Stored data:
━━━
(* The set function $f:2^{[n-1]}\to\mathbb R$ is non-negative, non-decreasing and submodular.
   Context: Independent instance: each action $i\in[n]$ has a type drawn independently over types $j\in[m]$, type $j$ having probability $q_{ij}$, receiver value $\rho_{ij}$ and sender value $\xi_{ij}$. $\rho_E=\max_i\sum_jq_{ij}\rho_{ij}$. For $z\in[0,1]$, $g_i(z)=\max\{\sum_{j=1}^mx_{ij}\xi_{ij}:\sum_jx_{ij}\le z,\ \sum_jx_{ij}\rho_{ij}\ge\rho_E\sum_jx_{ij},\ x_{ij}\in[0,q_{ij}]\ \forall j\}$. For $S\subseteq[n-1]$, $f(S)=\max\{\sum_{i\in S\cup\{n\}}g_i(z_i):\sum_{i\in S\cup\{n\}}z_i\le1,\ z_i\ge0\ \forall i\in S\cup\{n\}\}$. *)

From HB Require Import structures.
From mathcomp Require Import all_boot all_order all_algebra.
From mathcomp Require Import all_classical all_reals.
Set Implicit Arguments. Unset Strict Implicit. Unset Printing Implicit Defensive.
Import Order.TTheory GRing.Theory Num.Theory.
Local Open Scope ring_scope.
Local Open Scope classical_set_scope.

Section Defs.
Variables (R : realType) (n m : nat).
(* actions are 'I_n (action k+1 of the paper is ordinal k); types are 'I_m *)
Variables (q rho xi : 'I_n -> 'I_m -> R).

Definition rhoE : R :=
  sup [set r | exists i : 'I_n, r = \sum_(j < m) q i j * rho i j].

Definition gfun (i : 'I_n) (z : R) : R :=
  sup [set v | exists x : 'I_m -> R,
        [/\ \sum_(j < m) x j <= z,
            \sum_(j < m) x j * rho i j >= rhoE * \sum_(j < m) x j,
            (forall j, 0 <= x j /\ x j <= q i j) &
            v = \sum_(j < m) x j * xi i j]].

(* the action n of the paper is the ordinal with value n.-1 *)
Definition is_last (i : 'I_n) : bool := val i == n.-1.

(* S ⊆ [n-1] : S does not contain the last action *)
Definition in_dom (S : {set 'I_n}) : Prop := forall i, i \in S -> ~~ is_last i.

Definition withlast (S : {set 'I_n}) : {set 'I_n} := S :|: [set i | is_last i].

Definition ffun_set (S : {set 'I_n}) : R :=
  sup [set v | exists z : 'I_n -> R,
        [/\ \sum_(i in withlast S) z i <= 1,
            (forall i, i \in withlast S -> 0 <= z i) &
            v = \sum_(i in withlast S) gfun i (z i)]].
End Defs.

(* The proof separates the two layers of the definition of f.
   1. Each g_i is the value of a linear program whose right-hand side z enters
      linearly; hence g_i is non-negative, bounded above and concave on
      [0, +oo): a convex combination of feasible x's is feasible for the
      convex combination of the budgets.
   2. For ANY family g_i with these three properties, the optimal value
      F(A) = sup { sum_(i in A) g_i(z_i) | z >= 0, sum_(i in A) z_i <= 1 }
      is non-negative, monotone and submodular in the index set A.
      Submodularity is an exchange argument: from allocations z on A u B and
      w on A n B one builds allocations on A and on B by mixing z and w on
      A n B with complementary weights t and 1 - t; concavity makes the total
      value increase, and a suitable t keeps both budgets below 1.
   Since f(S) = F(S u {n}) and S |-> S u {n} commutes with union and
   intersection, the theorem follows. *)
From HB Require Import structures.
From mathcomp Require Import all_boot all_order all_algebra.
From mathcomp Require Import all_classical all_reals.
From mathcomp Require Import ring lra.
Set Implicit Arguments. Unset Strict Implicit. Unset Printing Implicit Defensive.
Import Order.TTheory GRing.Theory Num.Theory.
Local Open Scope ring_scope.

Lemma sup2_le (R : realType) (E1 E2 : set R) (a b c : R) :
  0 <= a -> 0 <= b -> has_sup E1 -> has_sup E2 ->
  (forall x y, E1 x -> E2 y -> a * x + b * y <= c) ->
  a * sup E1 + b * sup E2 <= c.
Proof.
move=> a0 b0 supE1 supE2 hE; apply/ler_addgt0Pr => e e0.
set e' := e / (a + b + 1).
have e'0 : 0 < e' by apply: divr_gt0 => //; lra.
have he : (a + b + 1) * e' = e by rewrite /e' mulrC divfK //; lra.
have [x E1x hx] := sup_adherent e'0 supE1.
have [y E2y hy] := sup_adherent e'0 supE2.
have hxy := hE _ _ E1x E2y.
have h1 : a * sup E1 <= a * x + a * e' by rewrite -mulrDr ler_wpM2l //; lra.
have h2 : b * sup E2 <= b * y + b * e' by rewrite -mulrDr ler_wpM2l //; lra.
nra.
Qed.

Definition concave_on_nonneg (R : realType) (h : R -> R) : Prop :=
  forall z w t, 0 <= z -> 0 <= w -> 0 <= t <= 1 ->
  (1 - t) * h z + t * h w <= h ((1 - t) * z + t * w).

Lemma concave_mix2 (R : realType) (h : R -> R) (z w t : R) :
  concave_on_nonneg h -> 0 <= z -> 0 <= w -> 0 <= t <= 1 ->
  h z + h w <= h ((1 - t) * z + t * w) + h (t * z + (1 - t) * w).
Proof.
move=> hc z0 w0 t01.
have t01' : 0 <= 1 - t <= 1 by move: t01 => /andP[? ?]; apply/andP; lra.
have c1 := hc z w t z0 w0 t01.
have c2 := hc z w (1 - t) z0 w0 t01'.
rewrite opprB addrCA subrr addr0 in c2.
lra.
Qed.

Lemma mixing_weight (R : realType) (X Y D : R) :
  X <= 1 -> Y <= 1 -> X + Y + D <= 2 ->
  exists2 t, 0 <= t <= 1 & X + t * D <= 1 /\ Y + (1 - t) * D <= 1.
Proof.
move=> X1 Y1 XYD.
have [D0 | D0] := lerP D 0.
  by exists 0; [rewrite lexx ler01 | split; nra].
have [XD1 | XD1] := lerP (X + D) 1.
  by exists 1; [rewrite lexx ler01 | split; lra].
have tD : (1 - X) / D * D = 1 - X by rewrite divfK // gt_eqF.
exists ((1 - X) / D).
  by apply/andP; split; [apply: divr_ge0; lra | rewrite ler_pdivrMr //; lra].
by split; [lra | rewrite mulrBl mul1r tD; lra].
Qed.

Section SetSums.
Variables (R : realType) (I : finType).

Lemma sum_setUI (A B : {set I}) (F : I -> R) :
  \sum_(i in A :|: B) F i + \sum_(i in A :&: B) F i =
  \sum_(i in A) F i + \sum_(i in B) F i.
Proof.
rewrite !(big_mkcond (fun i => i \in _)) -!big_split /=.
by apply: eq_bigr => i _; rewrite !inE; case: (i \in A); case: (i \in B);
  rewrite /= ?addr0 ?add0r.
Qed.

Lemma sum_subset_le (A B : {set I}) (F : I -> R) :
  A \subset B -> (forall i, i \in B :\: A -> 0 <= F i) ->
  \sum_(i in A) F i <= \sum_(i in B) F i.
Proof.
move=> sAB F0; rewrite [leRHS](big_setID A) /= (finset.setIidPr sAB) lerDl.
exact: sumr_ge0.
Qed.

Lemma sum_patch (A B : {set I}) (u v : I -> R) :
  \sum_(i in A) (if i \in B then u i else v i) =
  \sum_(i in A) v i + \sum_(i in A :&: B) (u i - v i).
Proof.
rewrite !(big_mkcond (fun i => i \in _)) -big_split /=.
by apply: eq_bigr => i _; rewrite !inE; case: (i \in A); case: (i \in B);
  rewrite /= ?addr0 // addrC subrK.
Qed.
End SetSums.

Section SeparableAllocation.
Variables (R : realType) (I : finType) (g : I -> R -> R).
Hypothesis g0_ge0 : forall i, 0 <= g i 0.
Hypothesis g_bounded : forall i, exists M, forall z, 0 <= z -> g i z <= M.
Hypothesis g_concave : forall i, concave_on_nonneg (g i).

Definition feasible (A : {set I}) (z : I -> R) : Prop :=
  \sum_(i in A) z i <= 1 /\ (forall i, i \in A -> 0 <= z i).

Definition value (A : {set I}) (z : I -> R) : R := \sum_(i in A) g i (z i).

Definition alloc_values (A : {set I}) : set R :=
  [set v | exists z : I -> R,
     [/\ \sum_(i in A) z i <= 1, (forall i, i \in A -> 0 <= z i) &
         v = \sum_(i in A) g i (z i)]].

Definition alloc_max (A : {set I}) : R := sup (alloc_values A).

Lemma feasible0 A : feasible A (fun _ => 0).
Proof. by split => //; rewrite big1. Qed.

Lemma alloc_values_has_sup A : has_sup (alloc_values A).
Proof.
split.
  exists (value A (fun _ => 0)), (fun _ => 0).
  by split => //; rewrite big1.
have /fin_all_exists [M hM] := g_bounded.
exists (\sum_(i in A) M i) => v [z [_ z0 ->]].
by apply: ler_sum => i iA; apply: hM; apply: z0.
Qed.

Lemma alloc_max_ub A z : feasible A z -> value A z <= alloc_max A.
Proof.
move=> [z1 z0]; apply: ub_le_sup; first by case: (alloc_values_has_sup A).
by exists z.
Qed.

Lemma alloc_max_least A c :
  (forall z, feasible A z -> value A z <= c) -> alloc_max A <= c.
Proof.
move=> hc; apply: ge_sup; first by case: (alloc_values_has_sup A).
by move=> v [z [z1 z0 ->]]; apply: hc.
Qed.

Lemma alloc_max_ge0 A : 0 <= alloc_max A.
Proof.
apply: le_trans (alloc_max_ub (feasible0 A)).
by apply: sumr_ge0 => i _; apply: g0_ge0.
Qed.

(* Extending an allocation by zero gives monotonicity. *)
Lemma alloc_max_mono (A B : {set I}) : A \subset B -> alloc_max A <= alloc_max B.
Proof.
move=> sAB; apply: alloc_max_least => z [z1 z0].
pose z' i := if i \in A then z i else 0.
have z'_feas : feasible B z'.
  split; last by move=> i _; rewrite /z'; case: ifP => // /z0.
  rewrite sum_patch big1 // add0r (finset.setIidPr sAB).
  by under eq_bigr do rewrite subr0.
apply: le_trans (alloc_max_ub z'_feas).
have -> : value A z = value A z' by apply: eq_bigr => i iA; rewrite /z' iA.
apply: sum_subset_le => // i /setDP[_ iA].
by rewrite /z' (negbTE iA); apply: g0_ge0.
Qed.

Lemma exchange_value (A B : {set I}) (z w : I -> R) (t : R) :
  0 <= t <= 1 -> feasible (A :|: B) z -> feasible (A :&: B) w ->
  value (A :|: B) z + value (A :&: B) w <=
  value A (fun i => if i \in B then (1 - t) * z i + t * w i else z i) +
  value B (fun i => if i \in A then t * z i + (1 - t) * w i else z i).
Proof.
move=> t01 [_ z0] [_ w0].
rewrite /value !(big_mkcond (fun i => i \in _)) -!big_split /=.
apply: ler_sum => i _; have := z0 i; have := w0 i; rewrite !inE.
case: (i \in A); case: (i \in B) => //= w0i z0i; rewrite ?addr0 ?add0r //.
exact: concave_mix2 (g_concave i) (z0i isT) (w0i isT) t01.
Qed.

Lemma exchange (A B : {set I}) (z w : I -> R) :
  feasible (A :|: B) z -> feasible (A :&: B) w ->
  exists a b, [/\ feasible A a, feasible B b &
     value (A :|: B) z + value (A :&: B) w <= value A a + value B b].
Proof.
move=> zf wf; have [z1 z0] := zf; have [w1 w0] := wf.
set D := \sum_(i in A :&: B) (w i - z i).
have z0A : forall i, i \in (A :|: B) :\: A -> 0 <= z i.
  by move=> i /setDP[/z0].
have z0B : forall i, i \in (A :|: B) :\: B -> 0 <= z i.
  by move=> i /setDP[/z0].
have zA1 : \sum_(i in A) z i <= 1.
  by apply: le_trans _ z1; exact: sum_subset_le (finset.subsetUl _ _) z0A.
have zB1 : \sum_(i in B) z i <= 1.
  by apply: le_trans _ z1; exact: sum_subset_le (finset.subsetUr _ _) z0B.
have zAB2 : \sum_(i in A) z i + \sum_(i in B) z i + D <= 2.
  by rewrite -sum_setUI /D sumrB; lra.
have [t t01 [tA tB]] := mixing_weight zA1 zB1 zAB2.
have mix_ge0 : forall i s, 0 <= s <= 1 -> i \in A :&: B ->
    0 <= (1 - s) * z i + s * w i.
  move=> i s /andP[s0 s1] iAB; have /setIP[iA _] := iAB.
  have zi0 : 0 <= z i by apply: z0; rewrite inE iA.
  have wi0 := w0 i iAB.
  by apply: addr_ge0; apply: mulr_ge0 => //; lra.
do 2 eexists; split; last exact: exchange_value t01 zf wf.
- split.
    rewrite sum_patch (_ : \sum_(i in A :&: B) _ = t * D) //.
    by rewrite /D mulr_sumr; apply: eq_bigr => i _; ring.
  move=> i iA; case: ifP => iB; last by apply: z0; rewrite inE iA.
  by apply: mix_ge0 => //; apply/setIP.
- split.
    rewrite sum_patch finset.setIC (_ : \sum_(i in A :&: B) _ = (1 - t) * D) //.
    by rewrite /D mulr_sumr; apply: eq_bigr => i _; ring.
  move=> i iB; case: ifP => iA; last by apply: z0; rewrite inE iB orbT.
  have t01' : 0 <= 1 - t <= 1 by move: t01 => /andP[? ?]; apply/andP; lra.
  have := mix_ge0 i (1 - t) t01' ltac:(by apply/setIP).
  by rewrite opprB addrCA subrr addr0.
Qed.

Lemma alloc_max_submod (A B : {set I}) :
  alloc_max (A :|: B) + alloc_max (A :&: B) <= alloc_max A + alloc_max B.
Proof.
rewrite -[alloc_max (A :|: B)]mul1r -[alloc_max (A :&: B)]mul1r.
apply: sup2_le; rewrite ?ler01 //; try exact: alloc_values_has_sup.
move=> _ _ [z [z1 z0 ->]] [w [w1 w0 ->]]; rewrite !mul1r.
have [a [b [fa fb hab]]] := exchange (conj z1 z0) (conj w1 w0).
by apply: le_trans hab _; apply: lerD; apply: alloc_max_ub.
Qed.
End SeparableAllocation.

Section LinearProgramValue.
Variables (R : realType) (n m : nat) (q rho xi : 'I_n -> 'I_m -> R).
Hypothesis q_ge0 : forall i j, 0 <= q i j.

Definition g_values (i : 'I_n) (z : R) : set R :=
  [set v | exists x : 'I_m -> R,
     [/\ \sum_(j < m) x j <= z,
         \sum_(j < m) x j * rho i j >= rhoE q rho * \sum_(j < m) x j,
         (forall j, 0 <= x j /\ x j <= q i j) &
         v = \sum_(j < m) x j * xi i j]].

Lemma gfunE i z : gfun q rho xi i z = sup (g_values i z).
Proof. by []. Qed.

Lemma g_values0 i z : 0 <= z -> g_values i z 0.
Proof.
move=> z0; exists (fun _ => 0); split; rewrite ?big1 ?mulr0 //.
- by move=> j _; rewrite mul0r.
- by move=> j _; rewrite mul0r.
Qed.

(* Since 0 <= x <= q, every objective value is at most sum_j q_ij |xi_ij|. *)
Lemma g_values_ub i z v :
  g_values i z v -> v <= \sum_(j < m) q i j * `|xi i j|.
Proof.
case=> x [_ _ x0q ->]; apply: ler_sum => j _; have [x0 xq] := x0q j.
apply: le_trans (ler_norm _) _; rewrite normrM (ger0_norm x0).
by rewrite ler_wpM2r.
Qed.

Lemma g_values_has_sup i z : 0 <= z -> has_sup (g_values i z).
Proof.
move=> z0; split; first by exists 0; exact: g_values0.
by exists (\sum_(j < m) q i j * `|xi i j|) => v /g_values_ub.
Qed.

Lemma gfun_ge0 i z : 0 <= z -> 0 <= gfun q rho xi i z.
Proof.
move=> z0; rewrite gfunE.
by apply: ub_le_sup; [case: (g_values_has_sup i z0) | exact: g_values0].
Qed.

Lemma gfun_bounded i : exists M, forall z, 0 <= z -> gfun q rho xi i z <= M.
Proof.
exists (\sum_(j < m) q i j * `|xi i j|) => z z0; rewrite gfunE.
by apply: ge_sup => [|v /g_values_ub]; first by exists 0; exact: g_values0.
Qed.

(* The constraints are linear in (x, z), so the convex combination of
   feasible solutions for budgets z and w is feasible for the combined
   budget, with the combined objective value. *)
Lemma gfun_concave i : concave_on_nonneg (gfun q rho xi i).
Proof.
move=> z w t z0 w0 /andP[t0 t1].
have zw0 : 0 <= (1 - t) * z + t * w.
  by apply: addr_ge0; apply: mulr_ge0 => //; lra.
rewrite !gfunE; apply: sup2_le; rewrite ?subr_ge0 //; try exact: g_values_has_sup.
move=> _ _ [x [x1 x2 x3 ->]] [y [y1 y2 y3 ->]].
apply: ub_le_sup; first by case: (g_values_has_sup i zw0).
exists (fun j => (1 - t) * x j + t * y j); split.
- rewrite big_split /= -!mulr_sumr.
  by apply: lerD; apply: ler_wpM2l => //; lra.
- rewrite big_split /= -!mulr_sumr.
  under eq_bigr do rewrite mulrDl -!mulrA.
  rewrite big_split /= -!mulr_sumr mulrDr (mulrCA _ (1 - t)) (mulrCA _ t).
  by apply: lerD; apply: ler_wpM2l => //; lra.
- move=> j; have [x0 xq] := x3 j; have [y0 yq] := y3 j; split.
    by apply: addr_ge0; apply: mulr_ge0 => //; lra.
  have -> : q i j = (1 - t) * q i j + t * q i j by ring.
  by apply: lerD; apply: ler_wpM2l => //; lra.
- rewrite !mulr_sumr -big_split /=; apply: eq_bigr => j _; ring.
Qed.
End LinearProgramValue.

Lemma ffun_setE (R : realType) (n m : nat) (q rho xi : 'I_n -> 'I_m -> R) S :
  ffun_set q rho xi S = alloc_max (gfun q rho xi) (withlast S).
Proof. by []. Qed.

Lemma withlastU n (S T : {set 'I_n}) :
  withlast (S :|: T) = withlast S :|: withlast T.
Proof. by rewrite /withlast finset.setUACA finset.setUid. Qed.

Lemma withlastI n (S T : {set 'I_n}) :
  withlast (S :&: T) = withlast S :&: withlast T.
Proof. by rewrite /withlast finset.setUIl. Qed.

Lemma withlastS n (S T : {set 'I_n}) :
  S \subset T -> withlast S \subset withlast T.
Proof. by move=> sST; rewrite /withlast finset.setSU. Qed.

Theorem lemma4p3 (R : realType) (n m : nat) (q rho xi : 'I_n -> 'I_m -> R) :
  (0 < n)%N ->
  (forall i j, 0 <= q i j) ->
  (forall i, \sum_(j < m) q i j = 1) ->
  let f := ffun_set q rho xi in
  (forall S, in_dom S -> 0 <= f S) /\
  (forall S T, in_dom S -> in_dom T -> S \subset T -> f S <= f T) /\
  (forall S T, in_dom S -> in_dom T -> f (S :|: T) + f (S :&: T) <= f S + f T).
Proof.
move=> _ q_ge0 _ f.
have g0 i : 0 <= gfun q rho xi i 0 by exact: gfun_ge0.
have gb := gfun_bounded rho xi q_ge0.
have gc := gfun_concave rho xi q_ge0.
split; first by move=> S _; rewrite /f ffun_setE; exact: alloc_max_ge0.
split=> S T _ _.
  by move=> sST; rewrite /f !ffun_setE; apply: alloc_max_mono => //; exact: withlastS.
by rewrite /f !ffun_setE withlastU withlastI; exact: alloc_max_submod.
Qed.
━━━
**Required action:**
Scan the records above and tell how many lines include the word "combined"; the number is all that should be written.

**Reply to the exercise:**
2